SCO Group Tuesday confirmed that it was the victim of a
denial of service (DoS) attack Friday, and said it is investigating the
possibility of a link between the attack and its lawsuit against IBM for alleged intellectual property violations.
“SCO is vigorously investigating the source of the attack and the identity
of the perpetrators,” said company spokesman Blake Stowell. “This attack
came within 48 hours of IBM’s response to SCO’s lawsuit against IBM
alleging intellectual property infringement. Given this close proximity in
time, we are carefully examining whether a link exists between SCO’s legal
action and some of the Linux community who are hostile toward SCO for
asserting its legal rights.”
Lindon, Utah-based SCO has raised hackles in the Linux community after it
sued IBM for allegedly misusing trade secrets after IBM walked away from a
joint project with SCO which sought to create an Intel Itanium version of
SCO’s UnixWare. IBM scrapped the effort, dubbed Project Monterey, when it
decided to focus its attention on Linux rather than Unix. But SCO
maintained that IBM’s rapid strides with Linux were built on trade secrets
it garnered from Project Monterey — especially the integration of Unix
System V libraries with Linux, which allows the Linux platform to run many
Unix applications. SCO is suing IBM for $1 billion.
SCO said the DoS attack occurred at about 10 a.m. Mountain Time, and that
it gobbled up about 90 percent of the available bandwidth of its service
provider for the entire Lindon, Utah backbone. The company said it
contacted a special agent for Intrusion Detection at the FBI Cyber Crimes
Division in Salt Lake City, and the special agent is now analyzing
information on the attacks. The U.S. Attorney’s office is also
investigating the attack.
SCO said its ISP has identified 138 different machines that were an
intermediate source of the bot or worm which triggered the attack, but has
not yet been able to confirm the identity of the original source.

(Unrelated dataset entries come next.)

Lemma subinvariant_zero_one A N :
  measurable A -> measurable N -> nu N = 0 -> A `<=` T @^-1` A `|` N ->
  nu A = 0 \/ nu A = 1.
Proof.
move=> mA mN N0 ATN.
pose B := lim_sup_set (fun n => iter n T @^-1` A).
pose Z := \bigcup_k iter k T @^-1` ((A `\` T @^-1` A) `|` (T @^-1` A `\` A)).
have mTA : measurable (T @^-1` A) := measurable_preimage_iter 1 mA.
have mD : measurable ((A `\` T @^-1` A) `|` (T @^-1` A `\` A)).
  by apply: measurableU; exact: measurableD.
have mB : measurable B.
  apply: bigcap_measurable => // m _.
  by apply: bigcup_measurable => n _; exact: measurable_preimage_iter.
have mZ : measurable Z by apply: bigcupT_measurable => k; exact: measurable_preimage_iter.
have D0 : nu (A `\` T @^-1` A) = 0.
  apply/eqP; rewrite -measure_le0 -N0 le_measure ?inE //; first exact: measurableD.
  by move=> x [/ATN[]].
have Z0 : nu Z = 0.
  apply/(measure_negligible mZ)/negligible_bigcup => k.
  apply/negligibleP; first exact: measurable_preimage_iter.
  apply: (etrans (measure_preimage_iter k mD)).
  have TA0 := measure_invariant_setD_preimage mA D0.
  by apply: (etrans (measureU0 _ _ TA0) D0); exact: measurableD.
(* Off Z, membership in A is constant along orbits, so A agrees with the
   invariant set B of points visiting A infinitely often. *)
have orbit_A x : ~ Z x -> forall k, A (iter k T x) <-> A x.
  move=> Zx; elim=> [//|k IH]; rewrite -IH /=.
  by split=> Ax; apply: contrapT => Ax'; apply: Zx; exists k => //; [right | left].
have -> : nu A = nu B.
  apply: (measure_setU_null mA mB mZ Z0); apply/seteqP; split => x;
    have [Zx|Zx] := pselect (Z x); do ?by right.
  - move=> [Ax|//]; left => m _; exists m => //=.
    by rewrite /preimage orbit_A.
  - move=> [Bx|//]; left; have [j _ Aj] := Bx 0%N I.
    by rewrite -(orbit_A x Zx j).
apply: nu_erg => //; exact: preimage_lim_sup_set_iter.
Qed.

“A denial of service attack is a serious criminal violation,” Stowell said.
“Cyber terrorism hurts a business as much as any other crime involving the
destruction of property. Unfortunately, some programmers who disagree with
SCO’s corporate policies have ignored the seriousness of cyber terrorism.
This was a mistake on the part of the people involved, because we will
prosecute them to the fullest extent of the law and will do everything
possible to assure that justice is done for the commission of this crime.”